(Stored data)
+ + +
(* Let $G$ be a stochastic game with generalized-reachability objective $\mathcal T$ of dimension $n$, let $(L_i,U_i)=\overline{\mathfrak B}^{\,i}(L_0,U_0)$ be the sequence computed by Multi-Objective Bounded Value Iteration, and let $L_\infty(s)=\bigcup_{i\ge0}L_i(s)$. Then for all states $s\in S$ and all directions $\mathbf d\in\mathsf D$, $L_\infty(s)[\mathbf d]=\mathfrak A(s)[\mathbf d]$.
   Context: Stochastic game $G=(S,S_\Box,S_\circ,s_0,A,\mathrm{Av},\delta)$: finite state set $S$ partitioned into Maximizer states $S_\Box$ and Minimizer states $S_\circ$, initial state $s_0$, finite action set $A$, nonempty $\mathrm{Av}(s)$, transition distributions $\delta(s,a)$. Strategies history-dependent randomized; $\mathbb P^{\sigma,\tau}_s$ measure on infinite paths from $s$. Objective $\mathcal T=(T_1,\dots,T_n)$; $\mathfrak A(s)$ = set of $\vec v\in\mathbb R^n_{\ge0}$ such that some Maximizer strategy $\sigma$ gives $\mathbb P^{\sigma,\tau}_s(\Diamond T_i)\ge\vec v_i$ for all Minimizer $\tau$ and all $i$. Geometry: $\mathit{dwc}(X)=\{y\in\mathbb R^n_{\ge0}\mid\exists x\in X:y\le x\}$; $\mathbf 1=\mathit{dwc}(\{\vec1\})$; scaling, Minkowski sum, $\mathrm{conv}$. Directions $[\vec v]=\{\lambda\vec v\mid\lambda>0\}$; $\mathsf D$ = directions of $\vec v\in[0,1]^n\setminus\{\vec0\}$; $X[\mathbf d]=\sup\{\|\vec x\|\mid\vec x\in X,[\vec x]=\mathbf d\}$, $\sup\emptyset=0$. Regions are subsets of $\mathsf D$, identified with the points whose direction lies in them. $f(s,a):=\big(\mathit{dwc}(\{\mathbb 1_{\mathcal T}(s)\})+\sum_{s'}\delta(s,a)(s')\cdot f(s')\big)\cap\mathbf 1$ with $\mathbb 1_{\mathcal T}(s)_i=1$ iff $s\in T_i$. Bellman operator: $\mathfrak B(f)(s)=\bigcap_af(s,a)$ for $s\in S_\circ$, $\mathrm{conv}(\bigcup_af(s,a))$ for $s\in S_\Box$. ECs/MECs as usual ($\mathsf{Exits}(T)$ = pairs $(s,a)$, $s\in T$, with a successor outside $T$). Best exit $\mathsf{exit}[f](T)=\big(\mathit{dwc}(\{\sum_{s\in T}\mathbb 1_{\mathcal T}(s)\})+\mathrm{conv}(\bigcup_{(s,a)\in\mathsf{Exits}(T),s\in S_\Box}f(s,a))\big)\cap\mathbf 1$, $\bigcup_\emptyset=\{\vec0\}$. $\mathsf{DEFLATE\_SECs}(G,L,U)$: states in no MEC keep $U(s)$; for each MEC $T$, compute a partition of $\mathsf D$ by common refinement over $s\in T\cap S_\circ$ of the nonempty sets $\{\mathbf d\mid B=\arg\min_{a}L(s,a)[\mathbf d]\}$, $B\subseteq\mathrm{Av}(s)$; for each region $R$ pick $\mathbf d\in R$, restrict Minimizer states in $T$ to actions minimizing $L(s,a)[\mathbf d]$, compute the MECs $\mathcal S$ of $T$ under the restriction; for $s\in T$, the new bound is the union over regions $R$ of $U(s)\cap\mathsf{exit}[U](C)\cap R$ if $s\in C\in\mathcal S$, else $U(s)\cap R$, together with $\vec0$. Multi-Objective Bounded Value Iteration: $L_0(s)=\{\vec0\}$, $U_0(s)=\mathit{dwc}(\{\vec1\})$; $\overline{\mathfrak B}(L,U)=(\mathfrak B(L),\mathsf{DEFLATE\_SECs}(G,\mathfrak B(L),\mathfrak B(U)))$. *)

From HB Require Import structures.
From mathcomp Require Import all_boot all_order all_algebra.
From mathcomp Require Import boolp classical_sets reals.
Set Implicit Arguments. Unset Strict Implicit. Unset Printing Implicit Defensive.
Import Order.TTheory GRing.Theory Num.Theory.
Local Open Scope classical_set_scope.
Local Open Scope ring_scope.
Lemma norm_unit_bias_le i :
  `|N%:R^-1 * (K%:R / KT%:R * designE KT (unit_dev i 1)
               - K%:R / (K%:R - KT%:R) * designE KT (unit_dev i (-1)))|
  <= 2 * B / (N%:R * Delta) * (K%:R / (K%:R - 1)) * cross_cluster_weight i.
Proof.
have KKT_gt0 : 0 < (K%:R : R) - KT%:R by rewrite subr_gt0 ltr_nat.
have dev_le z := norm_designE_unit_dev_le i (z := z).
rewrite normrM ger0_norm ?invr_ge0 //.
apply: le_trans (ler_wpM2l _ (ler_norm_subMM _ _ (dev_le 1 _) (dev_le (-1) _))) _;
  rewrite ?invr_ge0 ?divr_ge0 ?(ltW KKT_gt0) //; [by left | by right |].
have K_gt1 : (1 < K)%N := leq_ltn_trans KT_gt0 KT_lt_K.
have K_neq0 : (K%:R : R) != 0 by rewrite pnatr_eq0 gtn_eqF // ltnW.
have K1_neq0 : (K%:R : R) - 1 != 0 by rewrite subr_eq0 pnatr_eq1 gtn_eqF.
have N_neq0 : (N%:R : R) != 0 by rewrite pnatr_eq0 -lt0n.
have KT_neq0 : (KT%:R : R) != 0 by rewrite pnatr_eq0 -lt0n.
rewrite le_eqVlt; apply/orP; left; apply/eqP; rewrite /q; field.
by rewrite K_neq0 K1_neq0 N_neq0 KT_neq0 (gt_eqF KKT_gt0) (gt_eqF Delta_gt0).
Qed.

End ClusterDesign.

Theorem lemma4 (R : realType) (N M K KT : nat)
  (w : 'I_N -> 'I_M -> R) (c : 'I_N -> 'I_K)
  (g : 'I_N -> R -> R -> R) (Delta B : R) :
  (forall i s, 0 <= w i s) ->
  (forall i, 0 < \sum_(s < M) w i s) ->
  (forall s, 0 < \sum_(i < N) w i s) ->
  (2 <= K)%N -> (0 < N)%N -> (K %| N)%N ->
  (forall k : 'I_K, #|[set i | c i == k]| = (N %/ K)%N) ->
  (0 < KT)%N -> (KT < K)%N ->
  0 < Delta -> 0 <= B ->
  (forall (i : 'I_N) (z e : R), (z = 1 \/ z = -1) -> -1 <= e <= 1 ->
     (`|z - e| < Delta -> `|g i z e - g i z z| = 0) /\
     (Delta <= `|z - e| -> `|g i z e - g i z z| <= B)) ->
  `|designE KT (tauDIM w c KT g) - tau_star g|
    <= (2 * B) / (N%:R * Delta) * (K%:R / (K%:R - 1)) * Hcal w c.
Proof.
move=> w_ge0 unit_gt0 site_gt0 _ N_gt0 _ _ KT_gt0 KT_lt_K Delta_gt0 B_ge0 g_thr.
rewrite designE_tauDIM_sub_tau_star //.
apply: le_trans (ler_norm_sum _ _ _) _; rewrite /Hcal mulr_sumr.
apply: ler_sum => i _.
exact: norm_unit_bias_le.
Qed.
Lemma rsum_sq_le f k : rsum f k ^ 2 <= INR k * rsum (fun j => f j ^ 2) k.
Proof.
  induction k as [|k IH]; cbn [rsum]; [simpl; lra|].
  destruct (Nat.eq_dec k 0) as [->|Hk]; [simpl; lra|].
  rewrite S_INR. set (A := rsum f k) in *. set (Q := rsum (fun j => f j ^ 2) k) in *.
  set (a := f k). assert (HK : 0 < INR k) by (apply lt_0_INR; lia). set (K := INR k) in *.
  enough (2 * A * a <= Q + K * a ^ 2) by nra.
  pose proof (pow2_ge_0 (A - K * a)).
  apply Rmult_le_reg_l with K; nra.
Qed.

Lemma rsum_freq_sq_le N P : rsum (fun j => freq N P j ^ 2) N <= P ^ 2 * INR N / 3.
Proof.
  destruct N as [|N']; [simpl; lra|]. set (N := S N').
  assert (HN : 1 <= INR N) by (apply (le_INR 1); unfold N; lia).
  assert (Hsq_sum : forall k, rsum (fun j => (INR N - (2 * INR j + 1)) ^ 2) k
      = INR k * INR N ^ 2 - 2 * INR N * INR k ^ 2 + INR k * (4 * INR k ^ 2 - 1) / 3).
  { induction k as [|k IH]; cbn [rsum]; [simpl; field|]. rewrite IH, S_INR. field. }
  rewrite (rsum_ext _ (fun j => (P / INR N) ^ 2 * (INR N - (2 * INR j + 1)) ^ 2))
    by (intros; unfold freq; field; lra).
  rewrite rsum_mult_l, Hsq_sum.
  replace ((P / INR N) ^ 2 * (INR N * INR N ^ 2 - 2 * INR N * INR N ^ 2
           + INR N * (4 * INR N ^ 2 - 1) / 3))
    with (P ^ 2 * INR N / 3 - P ^ 2 / (3 * INR N)) by (field; lra).
  assert (0 <= P ^ 2 / (3 * INR N)) by (apply Rdiv_le_0_compat; nra).
  lra.
Qed.

Lemma Rabs_sin_le y : Rabs (sin y) <= Rabs y.
Proof.
  assert (Hpos : forall t, 0 <= t -> Rabs (sin t) <= t).
  { intros t Ht. destruct (Rle_lt_dec 1 t).
    - pose proof (SIN_bound t). apply Rabs_le; lra.
    - destruct (Req_dec t 0) as [->|Ht0]; [rewrite sin_0, Rabs_R0; lra|].
      pose proof (sin_lt_x t). pose proof PI2_3_2.
      pose proof (sin_ge_0 t Ht ltac:(lra)). rewrite Rabs_pos_eq; lra. }
  destruct (Rle_lt_dec 0 y).
  - rewrite (Rabs_pos_eq y) by lra. auto.
  - rewrite <- (Ropp_involutive y), sin_neg, !Rabs_Ropp, (Rabs_left y) by lra.
    apply Hpos; lra.
Qed.

Lemma sin_sq_le y : sin y ^ 2 <= y ^ 2.
Proof.
  rewrite <- (pow2_abs (sin y)), <- (pow2_abs y).
  apply pow_incr. split; [apply Rabs_pos|apply Rabs_sin_le].
Qed.

Lemma one_minus_cos_le y : 1 - cos y <= y ^ 2 / 2.
Proof.
  replace y with (2 * (y / 2)) at 1 by field. rewrite cos_2a_sin.
  pose proof (sin_sq_le (y / 2)). simpl in *. lra.
Qed.

Lemma PI_le_16_5 : PI <= 16 / 5.
Proof.
  destruct (Rle_lt_dec PI (16 / 5)) as [|Hgt]; [assumption|exfalso].
  pose proof (cos_gt_0 (8 / 5) ltac:(lra) ltac:(lra)).
  pose proof (cos_bound (8 / 5) 0 ltac:(lra) ltac:(lra)) as [_ Hub].
  unfold cos_approx, cos_term in Hub. simpl in Hub. lra.
Qed.

Definition sinc (y : R) : R := if Req_EM_T y 0 then 1 else sin y / y.

Lemma sinc_continuous : continuity sinc.
Proof.
  intros y. destruct (Req_EM_T y 0) as [->|Hy].
  - intros eps Heps. destruct (derivable_pt_lim_sin 0 eps Heps) as [d Hd].
    exists d. split; [apply cond_pos|]. intros x [[_ Hx0] Hx]. simpl in *. unfold Rdist in *.
    unfold sinc. destruct (Req_EM_T x 0) as [->|Hx0']; [congruence|].
    destruct (Req_EM_T 0 0); [|congruence].
    rewrite Rminus_0_r in Hx. specialize (Hd x Hx0' Hx).
    rewrite Rplus_0_l, sin_0, cos_0, Rminus_0_r in Hd. exact Hd.
  - apply continuity_pt_locally_ext with (f := fun x => sin x / x) (a := Rabs y).
    + apply Rabs_pos_lt; auto.
    + intros x Hx. unfold sinc. destruct (Req_EM_T x 0) as [->|]; [|reflexivity].
      unfold Rdist in Hx. rewrite Rminus_0_l, Rabs_Ropp in Hx. lra.
    + apply continuity_pt_div; auto. apply continuity_sin. apply continuity_pt_id.
Qed.
Lemma conjc_ge0 (c : C) : 0 <= c -> c^* = c.
Proof. by move=> c_ge0; apply: conj_Creal; apply: ger0_real. Qed.

Lemma psd_op1 (I : finType) : psd (@op1 R I).
Proof.
split; first by move=> i j; rewrite /op1 conjc_nat eq_sym.
move=> v; apply: sumr_ge0 => i _.
rewrite (bigD1 i) //= /op1 eqxx mulr1 big1 ?addr0; last first.
  by move=> j /negbTE ji; rewrite eq_sym ji mulr0 mul0r.
by rewrite mulrC; apply: mulcJ_ge0.
Qed.

Lemma psd_op0 (I : finType) : psd (@op0 R I).
Proof.
split; first by move=> i j; rewrite /op0 conjc0.
by move=> v; apply: sumr_ge0 => i _; apply: sumr_ge0 => j _; rewrite /op0 mulr0 mul0r.
Qed.

Lemma psd_opconj (I : finType) (A K : op R I) : psd A -> psd (opconj K A).
Proof.
move=> [hA qA]; split.
  move=> i j; rewrite /opmul /adj rmorph_sum /=.
  under [RHS]eq_bigr do rewrite rmorphM /= conjcK rmorph_sum /=.
  under eq_bigr do rewrite mulr_sumr.
  under [RHS]eq_bigr do rewrite mulr_sumr.
  rewrite [RHS]exchange_big /=; apply: eq_bigr => a _; apply: eq_bigr => b _.
  by rewrite rmorphM /= -hA; ring.
move=> v; have := qA (fun a => \sum_i K a i * v i).
have -> : \sum_a \sum_b (\sum_i K a i * v i)^* * A a b * (\sum_i K b i * v i) =
  \sum_a \sum_b \sum_i \sum_j (v i)^* * (K a i)^* * A a b * K b j * v j.
  apply: eq_bigr => a _; apply: eq_bigr => b _.
  rewrite rmorph_sum /= !mulr_suml; apply: eq_bigr => i _.
  by rewrite mulr_sumr; apply: eq_bigr => j _; rewrite rmorphM /=; ring.
have -> : \sum_i \sum_j (v i)^* * (opconj K A) i j * v j =
  \sum_i \sum_j \sum_a \sum_b (v i)^* * (K a i)^* * A a b * K b j * v j.
  apply: eq_bigr => i _; apply: eq_bigr => j _.
  rewrite /opmul /adj mulr_sumr mulr_suml; apply: eq_bigr => a _.
  by rewrite !mulr_sumr !mulr_suml; apply: eq_bigr => b _; ring.
move/le_trans; apply; rewrite le_eqVlt; apply/orP; left; apply/eqP.
under eq_bigr do rewrite exchange_big /=.
under eq_bigr do under eq_bigr do rewrite exchange_big /=.
by rewrite exchange_big /=; under eq_bigr do rewrite exchange_big /=.
Qed.

Lemma psd_nonneg_comb (I : finType) n (c : 'I_n -> C) (E : 'I_n -> op R I) :
  (forall j, 0 <= c j) -> (forall j, psd (E j)) ->
  psd (opsum (fun j a b => c j * E j a b)).
Proof.
move=> c_ge0 psdE; split.
  move=> a b; rewrite /opsum rmorph_sum; apply: eq_bigr => j _.
  by rewrite rmorphM /= conjc_ge0 //; case: (psdE j) => -> _.
move=> v.
have -> : \sum_i \sum_j (v i)^* * opsum (fun j a b => c j * E j a b) i j * v j =
    \sum_s c s * \sum_i \sum_j (v i)^* * E s i j * v j.
  rewrite /opsum.
  under eq_bigr do under eq_bigr do rewrite mulr_sumr mulr_suml.
  under eq_bigr do rewrite exchange_big /=.
  rewrite exchange_big /=; apply: eq_bigr => s _.
  rewrite mulr_sumr; apply: eq_bigr => i _; rewrite mulr_sumr.
  by apply: eq_bigr => j _; ring.
by apply: sumr_ge0 => s _; apply: mulr_ge0 => //; case: (psdE s).
Qed.
Lemma P2_wins k : k.*2.+2 < n -> answered_before k.*2 ->
    m k.*2.+1 != tri (f0 0) t (new_vertex k) ->
  has_copy (Khat3 4) (nverts 4) (claimed2 B m n).
Proof.
move=> k_lt ans dev; apply/has_copyE.
have claimed u : u \in [:: s; t] -> claimed2 B m n (tri (f0 0) u (new_vertex k)).
  rewrite !inE => /orP[]/eqP->; right.
    by exists k.*2; [lia | rewrite odd_double P2_move //; lia].
  by exists k.*2.+2; [lia | rewrite /= odd_double P2_claims_answer].
eexists; apply: copy_add_leaf.
- by apply: copy_sub f0_copy => e; left.
- by move=> p p_in; apply: fresh_notin; apply: Or32; apply: f0_copy.2.
- by apply: claimed; case: st_hubs => -[-> ->]; rewrite !inE eqxx ?orbT.
- by apply: claimed; case: st_hubs => -[-> ->]; rewrite !inE eqxx ?orbT.
Qed.

Lemma P1_deviation_fails k : n = k.*2.+2 -> answered_before k.*2.+1 ->
  ~ has_copy (Khat3 4) (nverts 4) (claimed1 A m n).
Proof.
move=> nE ans /has_copyE[f [f_inj f_edges]].
have [_ [e0A e0B]] : unclaimed_at A B m k.*2.+1 (m k.*2.+1) by apply: m_legal; rewrite nE.
have f_edges' p : p \in K24 ->
    [\/ edge_img f p \in A, pendant A (f0 0) t (edge_img f p) | edge_img f p = m k.*2.+1].
  move=> p_in; move: (f_edges p p_in); rewrite nE => /claimed1S[/(claimed1_pendant ans)[]|<-].
  - by apply: Or31.
  - by apply: Or32.
  - by apply: Or33.
case: (deviation_cases f_inj f_edges' (B := B)).
- by apply/negP => e0_A; apply: e0A; left.
- by apply/negP => e0_B; apply: e0B; left.
- by move=> f_copy; apply: no_copyA; apply/has_copyE; exists f.
- exact: no_threat.
- exact: no_copy_minus_leaf.
Qed.

Lemma sigma_blocks_P1 : has_copy (Khat3 4) (nverts 4) (claimed1 A m n) ->
  has_copy (Khat3 4) (nverts 4) (claimed2 B m n).
Proof.
move=> P1_copy.
pose deviates i := [&& i < n, odd i & m i != tri (f0 0) t (new_vertex i./2)].
have [[i dev_i]|no_dev] := classic (exists i, deviates i); last first.
  case: no_copyA; case/has_copyE: P1_copy => f [f_inj f_edges]; apply/has_copyE; exists f.
  split=> //; apply: copy_of_pendants => // p p_in; apply: (claimed1_pendant _ (f_edges p p_in)).
  move=> i i_lt i_odd; apply/eqP/negPn/negP => dev; apply: no_dev; exists i.
  by rewrite /deviates i_lt i_odd.
case: (ex_minnP (ex_intro deviates i dev_i)) => {dev_i} i /and3P[i_lt i_odd dev] i_min.
have ans : answered_before i.
  move=> j j_lt j_odd; apply/eqP/negPn/negP => dev_j.
  by have := i_min j; rewrite /deviates j_odd dev_j (ltn_trans j_lt i_lt) leqNgt j_lt => /(_ isT).
move: i_lt dev ans; rewrite -[i]odd_double_half i_odd /= uphalf_double.
set k := i./2 => i_lt dev ans.
case: (ltngtP n k.*2.+2) => [n_lt|n_gt|n_eq]; first by exfalso; lia.
  by apply: (P2_wins n_gt _ dev) => j j_lt; apply: ans; lia.
by case: (P1_deviation_fails n_eq ans P1_copy).
Qed.

End Play.

Lemma sigma_draws : drawing_strategy A B sigma.
Proof.
move=> m n m_legal m_sigma; split; last exact: sigma_blocks_P1.
move=> _; have [board nA nB nh] := sigma_legal (mkseq m n); split=> //; split.
- case=> [|[i i_lt [_ mi]]]; first exact/negP.
  by move: nh; rewrite -mi mem_mkseq.
- case=> [|[i i_lt [_ mi]]]; first exact/negP.
  by move: nh; rewrite -mi mem_mkseq.
Qed.

End Strategy.

Theorem corollary3p3 (A B : {fset hedge}) :
  (forall e, e \in A -> board_edge e) ->
  (forall e, e \in B -> board_edge e) ->
  (forall e, e \in A -> e \notin B) ->
  #|` A| = (#|` B|).+1 ->
  #|` A| <= 10 ->
  has_copy (Khat3 3) (nverts 3) (fun e => e \in B) ->
  ~ has_copy (Khat3 4) (nverts 4) (fun e => e \in A) ->
  ~ threat (fun e => e \in A) (fun e => e \in B) ->
  exists sigma : strategy, drawing_strategy A B sigma.
Proof.
move=> _ _ AB _ A_le10 /has_copyE[f0 f0_copy] no_copyA no_threat.
have [n01 _ n12] := copy3_hubs_neq f0_copy.
have B012 : tri (f0 0) (f0 1) (f0 2) \in B by rewrite -(edge_imgE f0 (1, 2)); apply: f0_copy.2.
have [[s t] st_hubs no_cml] : exists2 st : nat * nat,
    st = (f0 1, f0 2) \/ st = (f0 2, f0 1) & ~ copy_minus_leaf A (f0 0) st.2.
  case: (classic (copy_minus_leaf A (f0 0) (f0 1))) => cml_f01.
    exists (f0 1, f0 2); first by left.
    apply: copy_minus_leaf_exclusive cml_f01 => //; first by rewrite eq_sym.
    by apply: contraL B012; apply: AB.
  by exists (f0 2, f0 1); first right.
by exists (sigma A B f0 s t); apply: sigma_draws.
Qed.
+ + +
EXERCISE DETAILS »
Look above for the line that contains "(forall j, 0". Starting there, transcribe every line exactly until you have copied the line that contains "by exists k.*2.+2;".

RESPONSE »
  (forall j, 0 <= c j) -> (forall j, psd (E j)) ->
  psd (opsum (fun j a b => c j * E j a b)).
Proof.
move=> c_ge0 psdE; split.
  move=> a b; rewrite /opsum rmorph_sum; apply: eq_bigr => j _.
  by rewrite rmorphM /= conjc_ge0 //; case: (psdE j) => -> _.
move=> v.
have -> : \sum_i \sum_j (v i)^* * opsum (fun j a b => c j * E j a b) i j * v j =
    \sum_s c s * \sum_i \sum_j (v i)^* * E s i j * v j.
  rewrite /opsum.
  under eq_bigr do under eq_bigr do rewrite mulr_sumr mulr_suml.
  under eq_bigr do rewrite exchange_big /=.
  rewrite exchange_big /=; apply: eq_bigr => s _.
  rewrite mulr_sumr; apply: eq_bigr => i _; rewrite mulr_sumr.
  by apply: eq_bigr => j _; ring.
by apply: sumr_ge0 => s _; apply: mulr_ge0 => //; case: (psdE s).
Qed.
Lemma P2_wins k : k.*2.+2 < n -> answered_before k.*2 ->
    m k.*2.+1 != tri (f0 0) t (new_vertex k) ->
  has_copy (Khat3 4) (nverts 4) (claimed2 B m n).
Proof.
move=> k_lt ans dev; apply/has_copyE.
have claimed u : u \in [:: s; t] -> claimed2 B m n (tri (f0 0) u (new_vertex k)).
  rewrite !inE => /orP[]/eqP->; right.
    by exists k.*2; [lia | rewrite odd_double P2_move //; lia].
  by exists k.*2.+2; [lia | rewrite /= odd_double P2_claims_answer].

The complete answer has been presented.